B. Based on guidance established by the plenary (in answer to the above questions, defining the limits of what the community might be willing to offer in the way of support), the committee will see if they can put together a support team of volunteers in the community to meet the requested needs. Any team created for this purpose will exist for a specified length of time. If needs extends beyond that time, an extension may be considered, or another team may be put together—though this will be considered on its own merits and will not be granted automatically.

C. In consultation with the member (and perhaps the member's family) the committee will craft a communication to other community residents letting everyone know what's happening.

D. The committee will be available to receive information or complaints about how this support is going, troubleshooting and adjusting as appropriate.

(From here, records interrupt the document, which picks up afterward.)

Lemma iterate_fstar_bound (d m : nat) (f : vec m -> R) (a : 'I_m -> vec d -> R)
  (Om : vec d -> Prop) (Oms : nat -> vec d -> Prop) (qs : nat -> vec m) k :
  bounded_below f -> exchange_sequence f a Om Oms qs ->
  exists r, fstar f (qs k) = Defs.Finite r /\ r <= Rbar_real (fstar f (@vzero m)).
Proof.
move=> [c Hc] [_ [Hsol _]].
have [r0 [E0 _]] : exists r0, fstar f (@vzero m) = Defs.Finite r0 /\ r0 <= - c.
  by apply: fstar_finite => y; rewrite dot_zerol; have := Hc y; lra.
have := (Hsol k).2 _ (@feasible_zero d m a (Oms k)); rewrite E0 /=.
exact: Rbar_le_Finite.
Qed.

Theorem mainTheorem2 (d m : nat) (Om : vec d -> Prop) (a : 'I_m -> vec d -> R)
  (f : vec m -> R) (L : R) (qbar : vec m)
  (Oms : nat -> vec d -> Prop) (qs : nat -> vec m) :
  (exists x, Om x) -> is_open Om ->
  (forall i, C0 Om (a i)) ->
  convex_fun f -> bounded_below f ->
  0 < L -> diff_Lipschitz_grad f L ->
  is_minimizer f qbar ->
  exchange_sequence f a Om Oms qs ->
  forall k : nat,
    norm2 (qs k) <=
      sqrt (2 * L * (Rbar_real (fstar f (@vzero m)) - Rbar_real (fstar f qbar)))
      + norm2 qbar.
Proof.
move=> _ _ _ Hconv Hbelow HL [g [Hgrad Hlip]] Hmin Hexch k.
have [rk [Ek Hrk]] := iterate_fstar_bound k Hbelow Hexch.
apply: Rle_trans (norm2_triangle (qs k) qbar) _; apply: Rplus_le_compat_r.
apply: Rle_trans (dist_to_minimizer Hconv Hgrad Hlip HL Hmin Ek) _.
by apply: sqrt_le_1_alt; apply: Rmult_le_compat_l; lra.
Qed.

E. If the committee believes the member's needs are exceeding the community's capacity to provide support, it will be their task to inform the member (and their loved ones) of that limit and the possible suspension of support.

F. Throughout, the committee will be expected to hold information about a member's condition and needs in confidentiality, excepting as it's appropriate to complete C above.

G. If the committee believes there needs to be any adjustment to the limits of what the community can offer members in need, it will see that this is brought to the plenary's attention for consideration.

As is implied in the job description above, it's important that care be taken in how members of this committee are selected. While the Special Needs Committee will (hopefully) not have a lot of work to do, when needed the committee will be well positioned to handle a sensitive task with discretion, dignity, and decisiveness.